Pitt Scientist Sets Sights on Gene Editing to Improve VisionInherited retinal degeneration affects about one out of every 2,000 people worldwide and severely impacts quality of life. Due to mutated genes, this disorder causes blindness and currently has no treatment.

To solve this problem, University of Pittsburgh researchers are developing gene therapy solutions to replace the malfunctioning genes with normal, healthy genes, or to rewrite sections of mutated DNA using CRISPR/Cas9 genome editing tools.

Dr. Leah Byrne from the Pitt School of Medicine is developing these gene therapy solutions with support from a competitive $300,000 Career Development Award from Research to Prevent Blindness (RPB).

One way to replace malfunctioning genes with normal ones is to ferry the good genes into the patient within harmless or inactivated viruses.
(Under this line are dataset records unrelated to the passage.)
Record Triangulated (K : fieldType) (C : KCat K) := {
  sh : C -> C;
  shm : forall X Y : C, Mor X Y -> Mor (sh X) (sh Y);
  shm_lin : forall (X Y : C) (a : K) (f g : Mor X Y),
      shm (a *: f + g) = a *: shm f + shm g;
  shm_id : forall X : C, shm (idm X) = idm (sh X);
  shm_comp : forall (X Y Z : C) (g : Mor Y Z) (f : Mor X Y),
      shm (comp g f) = comp (shm g) (shm f);
  shm_inj : forall (X Y : C) (f g : Mor X Y), shm f = shm g -> f = g;
  shm_surj : forall (X Y : C) (g : Mor (sh X) (sh Y)), exists f, shm f = g;
  sh_esurj : forall Y : C, exists (X : C) (a : Mor (sh X) Y), iso a;
  dist : forall X Y Z : C, Mor X Y -> Mor Y Z -> Mor Z (sh X) -> Prop;
  dist_iso : forall (X Y Z X' Y' Z' : C)
      (f : Mor X Y) (g : Mor Y Z) (h : Mor Z (sh X))
      (f' : Mor X' Y') (g' : Mor Y' Z') (h' : Mor Z' (sh X'))
      (a : Mor X X') (b : Mor Y Y') (c : Mor Z Z'),
      dist f g h -> iso a -> iso b -> iso c ->
      comp b f = comp f' a -> comp c g = comp g' b ->
      comp (shm a) h = comp h' c -> dist f' g' h';
  dist_idm : forall X Z : C, is_zero Z ->
      dist (idm X) (0 : Mor X Z) (0 : Mor Z (sh X));
  dist_ext : forall (X Y : C) (f : Mor X Y),
      exists (Z : C) (g : Mor Y Z) (h : Mor Z (sh X)), dist f g h;
  dist_rot : forall (X Y Z : C) (f : Mor X Y) (g : Mor Y Z) (h : Mor Z (sh X)),
      dist f g h <-> dist g h (- shm f);
  dist_morph : forall (X Y Z X' Y' Z' : C)
      (f : Mor X Y) (g : Mor Y Z) (h : Mor Z (sh X))
      (f' : Mor X' Y') (g' : Mor Y' Z') (h' : Mor Z' (sh X'))
      (a : Mor X X') (b : Mor Y Y'),
      dist f g h -> dist f' g' h' -> comp b f = comp f' a ->
      exists c : Mor Z Z', comp c g = comp g' b /\ comp (shm a) h = comp h' c;
  dist_oct : forall (X Y Z Z' X' Y' : C)
      (u : Mor X Y) (j : Mor Y Z') (k : Mor Z' (sh X))
      (v : Mor Y Z) (l : Mor Z X') (i : Mor X' (sh Y))
      (m : Mor Z Y') (n : Mor Y' (sh X)),
      dist u j k -> dist v l i -> dist (comp v u) m n ->
      exists (f : Mor Z' Y') (g : Mor Y' X'),
        [/\ dist f g (comp (shm j) i),
            comp m v = comp f j, k = comp n f, l = comp g m
          & comp (shm u) n = comp i g]
}.
Arguments sh {K C} T X : rename.
Arguments shm {K C} T {X Y} f : rename.
Arguments dist {K C} T {X Y Z} f g h : rename.

Section Ideals.
Variables (K : fieldType) (C : KCat K).

Definition mor_class := forall X Y : C, Mor X Y -> Prop.

Definition is_ideal (I : mor_class) :=
  [/\ forall X Y : C, I X Y 0,
      forall (X Y : C) (f g : Mor X Y), I X Y f -> I X Y g -> I X Y (f - g)
    & forall (W X Y Z : C) (f : Mor W X) (g : Mor X Y) (h : Mor Y Z),
        I X Y g -> I W Z (comp h (comp g f))].

Definition ObI (I : mor_class) (X : C) := I X X (idm X).

Definition Gh (I : mor_class) : mor_class := fun X Y f =>
  forall (W : C) (i : Mor W X), I W X i -> comp f i = 0.

Definition CoGh (I : mor_class) : mor_class := fun X Y f =>
  forall (W : C) (i : Mor Y W), I Y W i -> comp i f = 0.

(* I[1] = { f[1] : f in I }, transported along isomorphisms X ~ X'[1] *)
Definition shift_ideal (T : Triangulated C) (I : mor_class) : mor_class :=
  fun X Y g => exists (X' Y' : C) (a : Mor X (sh T X')) (b : Mor (sh T Y') Y)
    (f : Mor X' Y'), [/\ iso a, iso b, I X' Y' f & g = comp b (comp (shm T f) a)].

Definition right_approx (A : mor_class) (X T : C) (i : Mor X T) :=
  A X T i /\ forall (X' : C) (j : Mor X' T), A X' T j ->
    exists h : Mor X' X, j = comp i h.

Definition left_approx (A : mor_class) (T X : C) (i : Mor T X) :=
  A T X i /\ forall (X' : C) (j : Mor T X'), A T X' j ->
    exists h : Mor X X', j = comp h i.

Definition functorially_finite (A : mor_class) :=
  forall T : C, (exists (X : C) (i : Mor T X), left_approx A i) /\
                (exists (X : C) (i : Mor X T), right_approx A i).

Definition left_minimal (X M : C) (f : Mor X M) :=
  forall g : Mor M M, comp g f = f -> iso g.

Definition right_minimal (M Y : C) (f : Mor M Y) :=
  forall g : Mor M M, comp f g = f -> iso g.

Definition source_map (A : mor_class) (X M : C) (f : Mor X M) :=
  left_approx A f /\ left_minimal f.

Definition sink_map (A : mor_class) (M Y : C) (f : Mor M Y) :=
  right_approx A f /\ right_minimal f.

Definition AR_ideal (T : Triangulated C) (I : mor_class) :=
  [/\ functorially_finite I,
      forall X : C, exists (M Y : C) (f : Mor X M) (g : Mor M Y) (h : Mor Y (sh T X)),
        [/\ dist T f g h, left_approx I f & right_approx I g]
    & forall Y : C, exists (Z N : C) (u : Mor Z N) (v : Mor N Y) (w : Mor Y (sh T Z)),
        [/\ dist T u v w, left_approx I u & right_approx I v]].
The Byrne lab will use the grant to create adeno-associated viral (AAV) vectors and delivery systems for the expression of genes that don’t fit into currently available viruses, and for efficient delivery of genome editing tools in the body.

“This research will benefit millions of patients worldwide who are affected by a wide variety of forms of inherited retinal degeneration,” Byrne said. “We’re developing gene delivery methods that have the potential to impact gene therapies for any form of inherited disease.”

Since it was founded in 1960, RBP has channeled more than $355 million into eye research, and has been identified with nearly every major breakthrough in vision research.

“In my lab, we aim to directly address the most significant obstacles preventing clinical translation of gene therapies,” Byrne said. “This grant will help further our research.”

For more information on RPB’s grants program and findings generated by these awards, visit www.rpbusa.com.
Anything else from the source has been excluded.